This caller bid of articles focuses connected moving pinch LLMs to standard your SEO tasks. We dream to thief you merge AI into SEO truthful you tin level up your skills.
We dream you enjoyed nan previous article and understand what vectors, vector distance, and text embeddings are.
Following this, it’s clip to flex your “AI knowledge muscles” by learning really to usage matter embeddings to find keyword cannibalization.
We will commencement pinch OpenAI’s matter embeddings and comparison them.
text-embedding-ada-002 | 1536 | $0.10 per 1M tokens | Great for astir usage cases. |
text-embedding-3-small | 1536 | $0.002 per 1M tokens | Faster and cheaper but little accurate |
text-embedding-3-large | 3072 | $0.13 per 1M tokens | More meticulous for analyzable agelong text-related tasks, slower |
(*tokens tin beryllium considered arsenic words words.)
But earlier we start, you request to instal Python and Jupyter connected your computer.

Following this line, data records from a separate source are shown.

Lemma cTheta_spec : 0 < cTheta th /\ g (cTheta th) / sqrt (cTheta th) = r1 * sqrt (Km * rr / al).
Proof.
  unfold cTheta; apply epsilon_spec, g_div_sqrt_surj, Rmult_lt_0_compat; [exact r1_pos|].
  apply sqrt_lt_R0, Rdiv_lt_0_compat; nra.
Qed.

Lemma xprime_crit : sqrt (rr * al * Rate) * g (xprime Rate th) = Rate * (rr + rd).
Proof.
  rewrite (proj2 xprime_spec).
  assert (hprod : sqrt (rr * al * Rate) * sqrt (Rate * rr / al) = Rate * rr).
  { rewrite <- sqrt_mult_alt by (apply Rlt_le; repeat apply Rmult_lt_0_compat; lra).
    apply sqrt_lem_1; [| nra | field; lra].
    apply Rlt_le; repeat apply Rmult_lt_0_compat; try apply Rinv_0_lt_compat; lra. }
  transitivity (r1 * (sqrt (rr * al * Rate) * sqrt (Rate * rr / al))); [ring|].
  rewrite hprod; field; lra.
Qed.

Lemma div_lt_Kmax_iff y : 0 < y -> (Rate / y < Km <-> Rate / Km < y).
Proof.
  intro hy; rewrite !Rlt_div_l by lra; split; intro; lra.
Qed.

Lemma R_max_iff : Rate < R_max th <-> Rate / xprime Rate th < Km.
Proof.
  destruct xprime_spec as [hxp hgxp]; destruct cTheta_spec as [hc hgc].
  set (lo := Rate / Km).
  assert (hlo : 0 < lo) by (apply Rdiv_lt_0_compat; lra).
  assert (hsqrt_lo : sqrt (Km * rr / al) * sqrt lo = sqrt (Rate * rr / al)).
  { rewrite <- sqrt_mult_alt by (apply Rlt_le, Rdiv_lt_0_compat; nra).
    f_equal; unfold lo; field; lra. }
  unfold R_max; rewrite div_lt_Kmax_iff by exact hxp; fold lo.
  transitivity (lo < cTheta th).
  { unfold lo; rewrite Rlt_div_l by lra; split; intro; lra. }
  rewrite (lt_iff_of_strict_incr _ lo _ g_div_sqrt_incr hlo hc), hgc.
  rewrite (lt_iff_of_strict_incr _ lo _ g_incr hlo hxp), hgxp, <- hsqrt_lo, <- Rmult_assoc.
  apply Rlt_div_l, sqrt_lt_R0, hlo.
Qed.

Lemma Kcsi_lt_Kmax_iff : Rate / xprime Rate th < Km <-> Kcsi Rate th < Km.
Proof.
  destruct xprime_spec as [hxp _].
  assert (hlo : 0 < Rate / Km < Rate) by (split; [apply Rdiv_lt_0_compat | apply Rlt_div_l]; nra).
  pose proof (clamp_spec (Rate / Km) Rate (xprime Rate th) ltac:(lra)) as [hc _].
  rewrite (Kcsi_eq th Rate halpha hrho_r hrho_d hrho_s hRate _ hxp xprime_crit hKmax).
  rewrite !div_lt_Kmax_iff by lra.
  symmetry; apply lo_lt_clamp_iff; lra.
Qed.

Jupyter is simply a web-based instrumentality for professionals and researchers. It allows you to execute analyzable information study and instrumentality learning exemplary improvement utilizing immoderate programming language.
Don’t interest – it’s really easy and takes small clip to decorativeness nan installations. And remember, ChatGPT is your friend erstwhile it comes to programming.
In a nutshell:
- Download and install Python.
- Open your Windows bid statement aliases terminal connected Mac.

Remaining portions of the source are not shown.